Segment Open
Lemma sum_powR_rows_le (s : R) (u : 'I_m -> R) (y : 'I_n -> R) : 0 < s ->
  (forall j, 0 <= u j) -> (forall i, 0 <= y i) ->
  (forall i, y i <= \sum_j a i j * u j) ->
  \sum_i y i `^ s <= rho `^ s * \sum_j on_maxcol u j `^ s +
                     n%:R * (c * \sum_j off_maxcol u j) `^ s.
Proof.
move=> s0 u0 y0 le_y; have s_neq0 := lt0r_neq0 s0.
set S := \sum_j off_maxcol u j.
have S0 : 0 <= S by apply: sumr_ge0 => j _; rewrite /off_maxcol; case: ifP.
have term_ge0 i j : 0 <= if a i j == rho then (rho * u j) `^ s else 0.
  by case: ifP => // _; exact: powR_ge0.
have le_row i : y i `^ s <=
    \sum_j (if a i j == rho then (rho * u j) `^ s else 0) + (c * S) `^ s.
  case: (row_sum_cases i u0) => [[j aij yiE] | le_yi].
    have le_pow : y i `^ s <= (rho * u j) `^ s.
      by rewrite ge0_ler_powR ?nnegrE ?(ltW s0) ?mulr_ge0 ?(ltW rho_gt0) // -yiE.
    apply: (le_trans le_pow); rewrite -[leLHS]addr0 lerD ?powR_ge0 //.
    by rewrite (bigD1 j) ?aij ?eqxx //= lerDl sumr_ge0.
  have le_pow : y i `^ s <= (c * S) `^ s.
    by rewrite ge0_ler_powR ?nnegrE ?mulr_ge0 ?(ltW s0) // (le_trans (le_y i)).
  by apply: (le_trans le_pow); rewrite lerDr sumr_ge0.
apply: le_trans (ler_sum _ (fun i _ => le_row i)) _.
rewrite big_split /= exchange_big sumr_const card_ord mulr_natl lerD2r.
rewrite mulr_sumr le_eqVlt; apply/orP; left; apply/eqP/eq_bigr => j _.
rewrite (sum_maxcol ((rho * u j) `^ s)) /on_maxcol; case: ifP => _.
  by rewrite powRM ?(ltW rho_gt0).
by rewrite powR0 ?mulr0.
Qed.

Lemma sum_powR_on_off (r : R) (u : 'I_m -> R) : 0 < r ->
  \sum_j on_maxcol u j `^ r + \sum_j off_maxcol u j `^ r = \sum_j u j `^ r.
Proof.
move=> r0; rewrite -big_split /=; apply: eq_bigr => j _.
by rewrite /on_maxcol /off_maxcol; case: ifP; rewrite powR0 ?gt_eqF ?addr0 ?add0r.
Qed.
Segment Closed
» **Assignment**:
Set the listing above down once more in full, exactly as it is.

» **Answer section**:
Lemma sum_powR_rows_le (s : R) (u : 'I_m -> R) (y : 'I_n -> R) : 0 < s ->
  (forall j, 0 <= u j) -> (forall i, 0 <= y i) ->
  (forall i, y i <= \sum_j a i j * u j) ->
  \sum_i y i `^ s <= rho `^ s * \sum_j on_maxcol u j `^ s +
                     n%:R * (c * \sum_j off_maxcol u j) `^ s.
Proof.
move=> s0 u0 y0 le_y; have s_neq0 := lt0r_neq0 s0.
set S := \sum_j off_maxcol u j.
have S0 : 0 <= S by apply: sumr_ge0 => j _; rewrite /off_maxcol; case: ifP.
have term_ge0 i j : 0 <= if a i j == rho then (rho * u j) `^ s else 0.
  by case: ifP => // _; exact: powR_ge0.
have le_row i : y i `^ s <=
    \sum_j (if a i j == rho then (rho * u j) `^ s else 0) + (c * S) `^ s.
  case: (row_sum_cases i u0) => [[j aij yiE] | le_yi].
    have le_pow : y i `^ s <= (rho * u j) `^ s.
      by rewrite ge0_ler_powR ?nnegrE ?(ltW s0) ?mulr_ge0 ?(ltW rho_gt0) // -yiE.
    apply: (le_trans le_pow); rewrite -[leLHS]addr0 lerD ?powR_ge0 //.
    by rewrite (bigD1 j) ?aij ?eqxx //= lerDl sumr_ge0.
  have le_pow : y i `^ s <= (c * S) `^ s.
    by rewrite ge0_ler_powR ?nnegrE ?mulr_ge0 ?(ltW s0) // (le_trans (le_y i)).
  by apply: (le_trans le_pow); rewrite lerDr sumr_ge0.
apply: le_trans (ler_sum _ (fun i _ => le_row i)) _.
rewrite big_split /= exchange_big sumr_const card_ord mulr_natl lerD2r.
rewrite mulr_sumr le_eqVlt; apply/orP; left; apply/eqP/eq_bigr => j _.
rewrite (sum_maxcol ((rho * u j) `^ s)) /on_maxcol; case: ifP => _.
  by rewrite powRM ?(ltW rho_gt0).
by rewrite powR0 ?mulr0.
Qed.

Lemma sum_powR_on_off (r : R) (u : 'I_m -> R) : 0 < r ->
  \sum_j on_maxcol u j `^ r + \sum_j off_maxcol u j `^ r = \sum_j u j `^ r.
Proof.
move=> r0; rewrite -big_split /=; apply: eq_bigr => j _.
by rewrite /on_maxcol /off_maxcol; case: ifP; rewrite powR0 ?gt_eqF ?addr0 ?add0r.
Qed.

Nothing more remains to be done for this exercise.